After making use of the identical salting technique and a 1M row restrict per partition, the liquid-clustered desk exhibits a really related common partition measurement to the salted and partitioned case, as proven in Fig 13. Merchandise C and D stay near the 1M rows goal, whereas merchandise A and B settle barely above that threshold.

Nonetheless, the principle distinction seems in how these partitions are distributed and consumed by Spark. As proven in Fig. 14, product D once more reaches a excessive variety of file partitions, offering sufficient parallelism to saturate the obtainable cores throughout inference.

Not like the partitioned counterpart, liquid clustering permits Spark to adapt file format over time whereas nonetheless benefiting from the salt. This leads to a extra even distribution of labor throughout executors, with fewer excessive outliers in each enter measurement and process length.
From the abstract statistics in Fig. 15, we observe that almost all of duties are accomplished inside a decent runtime window, and the utmost process length is decrease than within the salty and partitioned state of affairs. This means decreased skew and higher load balancing throughout the cluster.
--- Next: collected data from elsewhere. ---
(* For every $2\le n\le N$, as an identity of rational functions of $x$, $$\mathbb K_{n-1}(x)=\mathscr C_{2,n}(x)\,K_n(x)+\mathscr D_{2,n}(x)\,K_{n-1}(x),$$ where $\mathscr C_{2,n}(x)=-\dfrac{\mathscr D_{1,n-1}(x)}{\beta_{n-1}}$ and $\mathscr D_{2,n}(x)=\mathscr C_{1,n-1}(x)+\mathscr C_{2,n}(x)\,(\alpha_{n-1}-x)$.
   Context: Fix an integer $N\ge 1$ and $0<p<1$. Notation: $(a)_0=1$, $(a)_k=a(a+1)\cdots(a+k-1)$ (Pochhammer symbol); $[z]_0=1$, $[z]_k=z(z-1)\cdots(z-k+1)$ (falling factorial). For a function $f$, $\Delta f(x)=f(x+1)-f(x)$, $\nabla f(x)=f(x)-f(x-1)$, $\Delta^0$ is the identity and $\Delta^k=\Delta\circ\Delta^{k-1}$. For $0\le n\le N$ the monic Kravchuk polynomial is $K_n(x)=p^n(-N)_n\sum_{k=0}^{n}\frac{(-n)_k(-x)_k}{(-N)_k\,k!}p^{-k}$, and $K_{-1}=0$; these are monic of degree $n$ and orthogonal on $\{0,\dots,N\}$ with respect to the binomial weight $w(x)=\binom{N}{x}p^x(1-p)^{N-x}$, with $\|K_n\|^2=\sum_{x=0}^N K_n(x)^2w(x)=n!(-N)_np^n(p-1)^n$. They satisfy $xK_n=K_{n+1}+\alpha_nK_n+\beta_nK_{n-1}$ with $\alpha_n=p(N-n)+n(1-p)$, $\beta_n=np(1-p)(N-n+1)$. For $1\le n\le N+1$ and integers $i,l\ge0$, $\mathscr K_{n-1}^{(i,l)}(x,y)=\sum_{k=0}^{n-1}\frac{\Delta^iK_k(x)\,\Delta^lK_k(y)}{\|K_k\|^2}$. Fix $\lambda,\mu>0$ and an integer $j\ge 0$. On real polynomials define $\langle f,g\rangle_{\lambda,\mu}=\sum_{x=0}^N f(x)g(x)w(x)+\lambda\Delta^jf(0)\Delta^jg(0)+\mu\Delta^jf(N)\Delta^jg(N)$. For $0\le n\le N$, $\mathbb K_n=\mathbb K_n^{(j)}$ is the monic polynomial of degree $n$ with $\langle\mathbb K_n,q\rangle_{\lambda,\mu}=0$ for all polynomials $q$ of degree $<n$ (Kravchuk–Sobolev polynomials). For $1\le n\le N$: $\mathscr A_n(x,y)=\frac{j!}{\|K_{n-1}\|^2[x-y]_{j+1}}\sum_{k=0}^{j}\frac{\Delta^kK_{n-1}(y)}{k!}[x-y]_k$, $\mathscr B_n(x,y)=-\frac{j!}{\|K_{n-1}\|^2[x-y]_{j+1}}\sum_{k=0}^{j}\frac{\Delta^kK_{n}(y)}{k!}[x-y]_k$; $k_{00}=\mathscr K^{(j,j)}_{n-1}(0,0)$, $k_{0N}=\mathscr K^{(j,j)}_{n-1}(0,N)$, $k_{N0}=\mathscr K^{(j,j)}_{n-1}(N,0)$, $k_{NN}=\mathscr K^{(j,j)}_{n-1}(N,N)$, $d_0=\Delta^jK_n(0)$, $d_N=\Delta^jK_n(N)$, $\delta_n=(1+\lambda k_{00})(1+\mu k_{NN})-\lambda\mu k_{0N}k_{N0}$ (which is nonzero), $\Phi_1(n)=\frac{d_0(1+\mu k_{NN})-\mu k_{0N}d_N}{\delta_n}$, $\Phi_2(n)=\frac{(1+\lambda k_{00})d_N-\lambda k_{N0}d_0}{\delta_n}$; $\mathscr C_{1,n}(x)=1-\lambda\Phi_1(n)\mathscr A_n(x,0)-\mu\Phi_2(n)\mathscr A_n(x,N)$ and $\mathscr D_{1,n}(x)=-\lambda\Phi_1(n)\mathscr B_n(x,0)-\mu\Phi_2(n)\mathscr B_n(x,N)$. *)

From HB Require Import structures.
From mathcomp Require Import all_boot all_order all_algebra.
Set Implicit Arguments. Unset Strict Implicit. Unset Printing Implicit Defensive.
Import Order.TTheory GRing.Theory Num.Theory.
Local Open Scope ring_scope.

Section KS.
Variable R : realFieldType.

Definition poch (a : R) (k : nat) : R := \prod_(i < k) (a + i%:R).
Definition fall (z : R) (k : nat) : R := \prod_(i < k) (z - i%:R).

Definition fdelta (f : R -> R) : R -> R := fun x => f (x + 1) - f x.
Definition fdeltan (k : nat) (f : R -> R) : R -> R := iter k fdelta f.

Variables (N : nat) (p lam mu : R) (j : nat).

(* monic Kravchuk polynomial K_n, as a function of x *)
Definition Krav (n : nat) (x : R) : R :=
  p ^+ n * poch (- N%:R) n *
  \sum_(k < n.+1) (poch (- n%:R) k * poch (- x) k /
                   (poch (- N%:R) k * k`!%:R) * p ^- k).

Definition wgt (x : nat) : R := 'C(N, x)%:R * p ^+ x * (1 - p) ^+ (N - x).

Definition knorm (n : nat) : R := \sum_(x < N.+1) Krav n x%:R ^+ 2 * wgt x.

Definition alpha (n : nat) : R := p * (N%:R - n%:R) + n%:R * (1 - p).
Definition beta (n : nat) : R := n%:R * p * (1 - p) * (N%:R - n%:R + 1).

Definition kern (m i l : nat) (x y : R) : R :=
  \sum_(k < m.+1) fdeltan i (Krav k) x * fdeltan l (Krav k) y / knorm k.

Definition sob_ip (f g : R -> R) : R :=
  \sum_(x < N.+1) f x%:R * g x%:R * wgt x
  + lam * fdeltan j f 0 * fdeltan j g 0
  + mu * fdeltan j f N%:R * fdeltan j g N%:R.

Definition is_KravSob (n : nat) (Q : {poly R}) : Prop :=
  Q \is monic /\ size Q = n.+1 /\
  forall q : {poly R}, (size q <= n)%N -> sob_ip (horner Q) (horner q) = 0.

Definition sA (n : nat) (x y : R) : R :=
  j`!%:R / (knorm n.-1 * fall (x - y) j.+1) *
  \sum_(k < j.+1) (fdeltan k (Krav n.-1) y / k`!%:R * fall (x - y) k).

Definition sB (n : nat) (x y : R) : R :=
  - (j`!%:R / (knorm n.-1 * fall (x - y) j.+1)) *
  \sum_(k < j.+1) (fdeltan k (Krav n) y / k`!%:R * fall (x - y) k).

Definition k00 (n : nat) : R := kern n.-1 j j 0 0.
Definition k0N (n : nat) : R := kern n.-1 j j 0 N%:R.
Definition kN0 (n : nat) : R := kern n.-1 j j N%:R 0.
Definition kNN (n : nat) : R := kern n.-1 j j N%:R N%:R.
Definition d0 (n : nat) : R := fdeltan j (Krav n) 0.
Definition dN (n : nat) : R := fdeltan j (Krav n) N%:R.

Definition deltaS (n : nat) : R :=
  (1 + lam * k00 n) * (1 + mu * kNN n) - lam * mu * k0N n * kN0 n.

Definition Phi1 (n : nat) : R :=
  (d0 n * (1 + mu * kNN n) - mu * k0N n * dN n) / deltaS n.
Definition Phi2 (n : nat) : R :=
  ((1 + lam * k00 n) * dN n - lam * kN0 n * d0 n) / deltaS n.

Definition C1 (n : nat) (x : R) : R :=
  1 - lam * Phi1 n * sA n x 0 - mu * Phi2 n * sA n x N%:R.
Definition D1 (n : nat) (x : R) : R :=
  - lam * Phi1 n * sB n x 0 - mu * Phi2 n * sB n x N%:R.

Definition C2 (n : nat) (x : R) : R := - D1 n.-1 x / beta n.-1.
Definition D2 (n : nat) (x : R) : R := C1 n.-1 x + C2 n x * (alpha n.-1 - x).

End KS.

From HB Require Import structures.
From mathcomp Require Import all_boot all_order all_algebra.
From mathcomp Require Import ring lra zify.
Unset Printing Implicit Defensive.
Import Order.TTheory GRing.Theory Num.Theory.
Local Open Scope ring_scope.

(* Let m = n - 1 and let Q be the monic Kravchuk-Sobolev polynomial of degree
   m.  Expanding Q in the orthogonal Kravchuk basis, Sobolev orthogonality to
   K_0, ..., K_(m-1) gives
       Q(x) = K_m(x) - lam a K^(0,j)_(m-1)(x, 0) - mu b K^(0,j)_(m-1)(x, N),
   where a, b are Delta^j Q at 0 and at N.  Applying Delta^j at 0 and N yields
   a 2x2 linear system whose Cramer solution is (Phi1, Phi2), its determinant
   being positive by Cauchy-Schwarz.  The Christoffel-Darboux formula and a
   Leibniz rule for Delta^j of g(y)/(x - y) turn each kernel into
   A_n K_m + B_n K_(m-1), so Q = C1 K_m + D1 K_(m-1); the three-term
   recurrence then trades K_(m-1) for K_n = K_(m+1), giving the theorem. *)

Section Factorials.
Context {R : realFieldType}.

Lemma poch0 (a : R) : poch a 0 = 1.
Proof. by rewrite /poch big_ord0. Qed.

Lemma pochS (a : R) k : poch a k.+1 = poch a k * (a + k%:R).
Proof. by rewrite /poch big_ord_recr. Qed.

Lemma pochSl (a : R) k : poch a k.+1 = a * poch (a + 1) k.
Proof.
rewrite /poch big_ord_recl /= addr0; congr (_ * _).
by apply: eq_bigr => i _; rewrite /= /bump /= add1n -natr1; ring.
Qed.

Lemma fall0 (a : R) : fall a 0 = 1.
Proof. by rewrite /fall big_ord0. Qed.

Lemma fallS (a : R) k : fall a k.+1 = fall a k * (a - k%:R).
Proof. by rewrite /fall big_ord_recr. Qed.

Lemma fallSl (a : R) k : fall a k.+1 = a * fall (a - 1) k.
Proof.
rewrite /fall big_ord_recl /= subr0; congr (_ * _).
by apply: eq_bigr => i _; rewrite /= /bump /= add1n -natr1; ring.
Qed.

Lemma poch_fall (x : R) l : poch (- x) l = (-1) ^+ l * fall x l.
Proof.
elim: l => [|l IH]; first by rewrite poch0 fall0 expr0 mulr1.
by rewrite pochS fallS IH exprS; ring.
Qed.

(* (-k)_l vanishes as soon as l > k: this truncates the hypergeometric sums. *)
Lemma poch_neg_nat_eq0 k l : (k < l)%N -> poch (- (k%:R : R)) l = 0.
Proof.
elim: l => // l IH; rewrite ltnS leq_eqVlt pochS => /orP [/eqP <-|/IH ->].
  by rewrite addNr mulr0.
by rewrite mul0r.
Qed.

Lemma poch_neg_nat_neq0 (N l : nat) : (l <= N)%N -> poch (- (N%:R : R)) l != 0.
Proof.
elim: l => [|l IH] H; first by rewrite poch0 oner_neq0.
rewrite pochS mulf_neq0 ?IH 1?ltnW //.
rewrite addrC subr_eq0 eqr_nat; apply/negP => /eqP E.
by move: H; rewrite E ltnn.
Qed.

Lemma poch_neg_succ (n l : nat) :
  poch (- (n.+1%:R : R)) l.+1 = - n.+1%:R * poch (- n%:R) l.
Proof. by rewrite pochSl; congr (_ * poch _ _); rewrite -natr1; ring. Qed.

Lemma poch_neg_nat_diag n : poch (- (n%:R : R)) n = (-1) ^+ n * n`!%:R.
Proof.
elim: n => [|n IH]; first by rewrite poch0 expr0 fact0 mulr1.
by rewrite poch_neg_succ IH factS natrM exprS; ring.
Qed.

Lemma fact_neq0 k : (k`!%:R : R) != 0.
Proof. by rewrite pnatr_eq0 -lt0n fact_gt0. Qed.

Lemma fall_factor_neq0 (u : R) k i : fall u k.+1 != 0 -> (i <= k)%N -> u - i%:R != 0.
Proof.
elim: k => [|k IH]; rewrite fallS mulf_eq0 negb_or => /andP [Hk Hl] Hi.
  by move: Hi; rewrite leqn0 => /eqP ->.
by case: ltngtP Hi => // [/IH ->|->].
Qed.

End Factorials.

Section FiniteDifferences.
Context {R : realFieldType}.

Lemma fdeltanS (f : R -> R) k y :
  fdeltan k.+1 f y = fdeltan k f (y + 1) - fdeltan k f y.
Proof. by []. Qed.

Lemma fdeltan_loc (f g : R -> R) k y :
  (forall i, (i <= k)%N -> f (y + i%:R) = g (y + i%:R)) ->
  fdeltan k f y = fdeltan k g y.
Proof.
elim: k y => [|k IH] y H; first by move: (H 0%N (leqnn _)); rewrite addr0.
rewrite !fdeltanS (IH y) => [|i Hi]; last exact/H/leqW.
rewrite (IH (y + 1)) // => i Hi.
by move: (H i.+1 Hi); rewrite -natr1 [_ + 1]addrC addrA.
Qed.

Lemma fdeltan_ext (f g : R -> R) k y :
  f =1 g -> fdeltan k f y = fdeltan k g y.
Proof. by move=> H; apply: fdeltan_loc. Qed.

Lemma fdeltan_lin (f g : R -> R) a b k y :
  fdeltan k (fun z => a * f z + b * g z) y = a * fdeltan k f y + b * fdeltan k g y.
Proof. by elim: k y => [|k IH] y //; rewrite !fdeltanS !IH; ring. Qed.

Lemma fdeltan_sum M (F : 'I_M -> R -> R) (c : 'I_M -> R) k y :
  fdeltan k (fun z => \sum_(i < M) c i * F i z) y
  = \sum_(i < M) c i * fdeltan k (F i) y.
Proof.
elim: k y => [|k IH] y //; rewrite !fdeltanS !IH -sumrB.
by apply: eq_bigr => i _; rewrite mulrBr.
Qed.

Lemma falling_sum_step (u : R) (d : nat -> R) j :
  u * \sum_(k < j.+1) ((d k + d k.+1) / k`!%:R * fall (u - 1) k)
  - (u - j.+1%:R) * \sum_(k < j.+1) (d k / k`!%:R * fall u k)
  = j.+1%:R * \sum_(k < j.+2) (d k / k`!%:R * fall u k).
Proof.
set e := fun k => d k / k`!%:R * fall u k.
have split_terms : u * \sum_(k < j.+1) ((d k + d k.+1) / k`!%:R * fall (u - 1) k)
    = \sum_(k < j.+1) ((u - k%:R) * e k) + \sum_(k < j.+1) (k.+1%:R * e k.+1).
  rewrite mulr_sumr -big_split; apply: eq_bigr => k _ /=.
  have Hk : fall u k * (u - k%:R) = u * fall (u - 1) k by rewrite -fallS fallSl.
  rewrite /e fallSl factS natrM.
  rewrite [X in _ = X + _](_ : _ = d k / k`!%:R * (fall u k * (u - k%:R))); last by ring.
  by rewrite Hk; field; rewrite fact_neq0 nat1r pnatr_eq0.
have shift : \sum_(k < j.+1) (k.+1%:R * e k.+1)
    = \sum_(k < j.+1) (k%:R * e k) + j.+1%:R * e j.+1.
  rewrite (_ : \sum_(k < j.+1) (k.+1%:R * e k.+1) = \sum_(k < j.+2) (k%:R * e k)).
    by rewrite big_ord_recr.
  by rewrite [RHS]big_ord_recl /= mul0r add0r.
have merge : \sum_(k < j.+1) ((u - k%:R) * e k) + \sum_(k < j.+1) (k%:R * e k)
    = u * \sum_(k < j.+1) e k.
  by rewrite -big_split mulr_sumr; apply: eq_bigr => k _ /=; ring.
rewrite split_terms shift addrA merge [in RHS]big_ord_recr /= /e; ring.
Qed.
An vital facet impact is that liquid clustering preserves information locality for the filtered columns with out imposing strict partition boundaries. This enables Spark to nonetheless profit from information skipping, whereas the salt ensures that no single executor is overwhelmed with tens of thousands and thousands of rows.
Total, salty and liquid emerges as probably the most sturdy setup: it maximizes parallelism, minimizes skew, and reduces operational threat when inference workloads develop or cluster configurations change.
Key Takeaways
- Inference scalability is commonly restricted by information format, not mannequin complexity. Poorly sized file partitions can go away lots of of cores idle whereas just a few executors course of tens of thousands and thousands of rows.
- Partitioning alone just isn’t sufficient for large-scale inference. With out controlling file measurement, partitioned tables can nonetheless produce large partitions that result in long-running, skewed duties.
- Salting is an efficient software to unlock parallelism. Introducing a salt key and imposing a row restrict per partition dramatically will increase the variety of runnable duties and stabilizes runtimes.
- Liquid clustering enhances salting by decreasing skew with out inflexible boundaries. It permits Spark to adapt file format over time, making the system extra resilient as information grows.